▶ **PROBLEM**: Set down exactly, from the records below, the line with "(* Rescale [f]" through the line with "decay so fast", and nothing else.

▶ **Stored items**:

(* Let $d\in\mathbb{N}^+$, $a<b$, let $f\in C([a,b]^d)$, and let $N=36d(2d+1)$ and $L=11$. Then for every $\varepsilon>0$ there exists $\phi\in\mathscr{H}_d(N,L)$ such that $|\phi(\boldsymbol{x})-f(\boldsymbol{x})|<\varepsilon$ for all $\boldsymbol{x}\in[a,b]^d$.
   Context: Let $\sigma_1:\mathbb{R}\to\mathbb{R}$ be the continuous triangular-wave function of period $2$: $\sigma_1(x)=|x|$ for $x\in[-1,1]$ and $\sigma_1(x+2)=\sigma_1(x)$ for all $x$ (equivalently $\sigma_1(x)=|x-2\lfloor (x+1)/2\rfloor|$). Let $\sigma_2(x)=x/(|x|+1)$ (softsign). The activation function (EUAF) is $\sigma(x)=\sigma_1(x)$ for $x\ge 0$ and $\sigma(x)=\sigma_2(x)$ for $x<0$; it is applied to vectors entrywise. For $N,L\in\mathbb{N}^+$, $\mathscr{H}_d(N,L)$ is the set of all functions $\phi:\mathbb{R}^d\to\mathbb{R}$ of the form $\phi=\mathcal{L}_L\circ\sigma\circ\mathcal{L}_{L-1}\circ\cdots\circ\sigma\circ\mathcal{L}_1\circ\sigma\circ\mathcal{L}_0$, where $\mathcal{L}_0:\mathbb{R}^d\to\mathbb{R}^N$, $\mathcal{L}_i:\mathbb{R}^N\to\mathbb{R}^N$ for $1\le i\le L-1$, and $\mathcal{L}_L:\mathbb{R}^N\to\mathbb{R}$ are arbitrary affine maps (real weight matrices and bias vectors); i.e. functions computed by $\sigma$-activated feed-forward networks with $L$ hidden layers each having exactly $N$ neurons. *)

From Stdlib Require Import Reals Lra Lia.
Open Scope R_scope.

(* Vectors in R^n are represented as functions nat -> R, of which only the
   coordinates 0..n-1 are meaningful. *)

Fixpoint sumn (n : nat) (f : nat -> R) : R :=
  match n with
  | O => 0
  | S m => sumn m f + f m
  end.

Definition sigma1 (x : R) : R := Rabs (x - 2 * IZR (Int_part ((x + 1) / 2)) ).
(* note: Int_part is floor on R (Stdlib: Int_part r = up r - 1). *)

Definition sigma2 (x : R) : R := x / (Rabs x + 1).

Definition sigma (x : R) : R := if Rle_dec 0 x then sigma1 x else sigma2 x.

Definition affine (m : nat) (W : nat -> nat -> R) (c : nat -> R) (x : nat -> R)
  : nat -> R := fun i => sumn m (fun j => W i j * x j) + c i.

Fixpoint hidden (N : nat) (k : nat) (Ws : nat -> nat -> nat -> R)
   (cs : nat -> nat -> R) (h : nat -> R) : nat -> R :=
  match k with
  | O => h
  | S k' => fun i => sigma (affine N (Ws k) (cs k) (hidden N k' Ws cs h) i)
  end.

(* Network in H_d(N,L):
   phi = L_L o sigma o L_{L-1} o ... o sigma o L_1 o sigma o L_0, L hidden layers
   of width N, arbitrary real affine maps. *)
Definition network (d N L : nat) (W0 : nat -> nat -> R) (c0 : nat -> R)
  (Ws : nat -> nat -> nat -> R) (cs : nat -> nat -> R)
  (WL : nat -> R) (cL : R) (x : nat -> R) : R :=
  let h1 := fun i => sigma (affine d W0 c0 x i) in
  let hL := hidden N (L - 1) Ws cs h1 in
  sumn N (fun j => WL j * hL j) + cL.

Definition in_H (d N L : nat) (phi : (nat -> R) -> R) : Prop :=
  exists W0 c0 Ws cs WL cL,
    forall x, phi x = network d N L W0 c0 Ws cs WL cL x.

Definition in_cube (d : nat) (a b : R) (x : nat -> R) : Prop :=
  forall i, (i < d)%nat -> a <= x i <= b.

Definition cont_on_cube (d : nat) (a b : R) (f : (nat -> R) -> R) : Prop :=
  (forall x y, (forall i, (i < d)%nat -> x i = y i) -> f x = f y) /\
  forall x, in_cube d a b x ->
    forall eps, eps > 0 -> exists delta, delta > 0 /\
      forall y, in_cube d a b y ->
        (forall i, (i < d)%nat -> Rabs (y i - x i) < delta) ->
        Rabs (f y - f x) < eps.

(* Rescale [f] to [F] with values in [[0, 1]].  Because [sigma1] is a 2-periodic
   triangle wave, a single neuron [n |-> sigma1 (w / (P - n))] reproduces any
   finite table of values in [[0, 1]]: the forward differences of [1 / (P - n)]
   decay so fast that one [w] makes all terms of Newton's expansion nearly even.
   Combined with floor-like gadgets this gives quantization blocks that locate
   the input in a cell of a shifted grid and look up a value for that cell.

   The first block uses [d + 1] shifted grids of [[a, b]^d]; by pigeonhole every
   point is well inside a cell of one of them.  It tabulates [exp (C (F - 1))],
   and the gated outputs add up to a scalar [S x] between [exp (C (F x - e - 1))]
   and [(d + 1) exp (C (F x + e - 1))].  As [C] is large, [S] determines [F] up
   to [3 e].  The second block quantizes [S] with two shifted grids and
   tabulates [F] itself; the larger of its two gated outputs is within [4 e] of
   [F], and rescaling gives the approximation of [f]. *)

From Stdlib Require Import Reals Lra Lia ZArith Classical ClassicalEpsilon.
Open Scope R_scope.

(** * The activation function *)

Lemma Rabs_le_inv x a : Rabs x <= a -> - a <= x <= a.
Proof. unfold Rabs; destruct Rcase_abs; lra. Qed.

Lemma sigma1_2Z_plus (q : Z) y : -1 <= y < 1 -> sigma1 (2 * IZR q + y) = Rabs y.
Proof.
  intros Hy. unfold sigma1.
  rewrite <- (Int_part_spec _ q) by lra.
  f_equal; ring.
Qed.

Lemma sigma1_canonical x :
  exists q : Z, -1 <= x - 2 * IZR q < 1 /\ sigma1 x = Rabs (x - 2 * IZR q).
Proof.
  exists (Int_part ((x + 1) / 2)). split; [|reflexivity].
  destruct (base_Int_part ((x + 1) / 2)). lra.
Qed.

Lemma sigma1_range x : 0 <= sigma1 x <= 1.
Proof.
  destruct (sigma1_canonical x) as [q [Hq ->]].
  unfold Rabs; destruct Rcase_abs; lra.
Qed.

Lemma IZR_neq_dist (z q : Z) : z <> q -> 1 <= Rabs (IZR z - IZR q).
Proof.
  intros Hne. rewrite <- minus_IZR.
  destruct (Z.lt_total (z - q) 0) as [H|[H|H]]; [|lia|].
  - apply Z.le_succ_l in H. apply IZR_le in H. rewrite succ_IZR in H.
    rewrite Rabs_left; lra.
  - apply Z.le_succ_l in H. apply IZR_le in H. rewrite succ_IZR in H.
    rewrite Rabs_right; lra.
Qed.

Lemma Int_part_ge r (z : Z) : IZR z <= r -> (z <= Int_part r)%Z.
Proof.
  intros H. destruct (base_Int_part r) as [H1 H2].
  destruct (Z.le_gt_cases z (Int_part r)) as [Hz|Hz]; [exact Hz|].
  apply Z.le_succ_l in Hz. apply IZR_le in Hz. rewrite succ_IZR in Hz. lra.
Qed.

Lemma Int_part_le r (z : Z) : r < IZR z + 1 -> (Int_part r <= z)%Z.
Proof.
  intros H. destruct (base_Int_part r) as [H1 H2].
  apply Z.lt_succ_r. apply lt_IZR. rewrite succ_IZR. lra.
Qed.

Lemma IZR_abs_lt1 (z : Z) : Rabs (IZR z) < 1 -> z = 0%Z.
Proof.
  intros H. apply Rabs_def2 in H. destruct H as [H1 H2].
  change (- (1)) with (IZR (-1)) in H2. change 1 with (IZR 1) in H1.
  apply lt_IZR in H1. apply lt_IZR in H2. lia.
Qed.

(* With [sigma1_canonical]: [sigma1 x] is the distance from [x] to [2Z]. *)
Lemma sigma1_le_dist x (z : Z) : sigma1 x <= Rabs (x - 2 * IZR z).
Proof.
  destruct (sigma1_canonical x) as [q [Hq ->]].
  destruct (Z.eq_dec z q) as [->|Hne]; [lra|].
  pose proof (IZR_neq_dist z q Hne) as Hzq.
  pose proof (Rabs_triang_inv (2 * (IZR z - IZR q)) (x - 2 * IZR q)) as Ht.
  replace (2 * (IZR z - IZR q) - (x - 2 * IZR q)) with (- (x - 2 * IZR z)) in Ht by ring.
  rewrite Rabs_Ropp, Rabs_mult, (Rabs_right 2) in Ht by lra.
  assert (Rabs (x - 2 * IZR q) <= 1) by (unfold Rabs; destruct Rcase_abs; lra).
  lra.
Qed.

Lemma sigma1_lipschitz x y : Rabs (sigma1 x - sigma1 y) <= Rabs (x - y).
Proof.
  assert (Half : forall x y, sigma1 x - sigma1 y <= Rabs (x - y)).
  { clear x y. intros x y. destruct (sigma1_canonical y) as [q [_ Hy]].
    pose proof (sigma1_le_dist x q).
    pose proof (Rabs_triang (x - y) (y - 2 * IZR q)).
    replace (x - y + (y - 2 * IZR q)) with (x - 2 * IZR q) in * by ring. lra. }
  pose proof (Half x y). pose proof (Half y x) as Hyx. rewrite Rabs_minus_sym in Hyx.
  unfold Rabs at 1; destruct Rcase_abs; lra.
Qed.

Lemma sigma1_periodic x (z : Z) : sigma1 (x + 2 * IZR z) = sigma1 x.
Proof.
  destruct (sigma1_canonical x) as [q [Hq ->]].
  replace (x + 2 * IZR z) with (2 * IZR (q + z) + (x - 2 * IZR q)) by (rewrite plus_IZR; ring).
  apply sigma1_2Z_plus; lra.
Qed.

Lemma sigma1_reflect r : 0 <= r <= 1 -> sigma1 (1 + r) = 1 - r.
Proof.
  intros Hr. replace (1 + r) with (2 * IZR 1 + (r - 1)) by (simpl; ring).
  rewrite sigma1_2Z_plus by lra. rewrite Rabs_left1 by lra. ring.
Qed.

Lemma sigma1_id y : 0 <= y <= 1 -> sigma1 y = y.
Proof.
  intros Hy. destruct (Req_dec y 1) as [->|Hne].
  - replace 1 with (1 + 0) at 1 by ring. rewrite sigma1_reflect; lra.
  - replace y with (2 * IZR 0 + y) at 1 by (simpl; ring).
    rewrite sigma1_2Z_plus by lra. apply Rabs_right. lra.
Qed.

Lemma sigma1_even (q : Z) y : 0 <= y <= 1 -> sigma1 (2 * IZR q + y) = y.
Proof. intros Hy. rewrite Rplus_comm, sigma1_periodic. apply sigma1_id; lra. Qed.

▶ **FINISHED EXERCISE**:
(* Rescale [f] to [F] with values in [[0, 1]].  Because [sigma1] is a 2-periodic
   triangle wave, a single neuron [n |-> sigma1 (w / (P - n))] reproduces any
   finite table of values in [[0, 1]]: the forward differences of [1 / (P - n)]
   decay so fast that one [w] makes all terms of Newton's expansion nearly even.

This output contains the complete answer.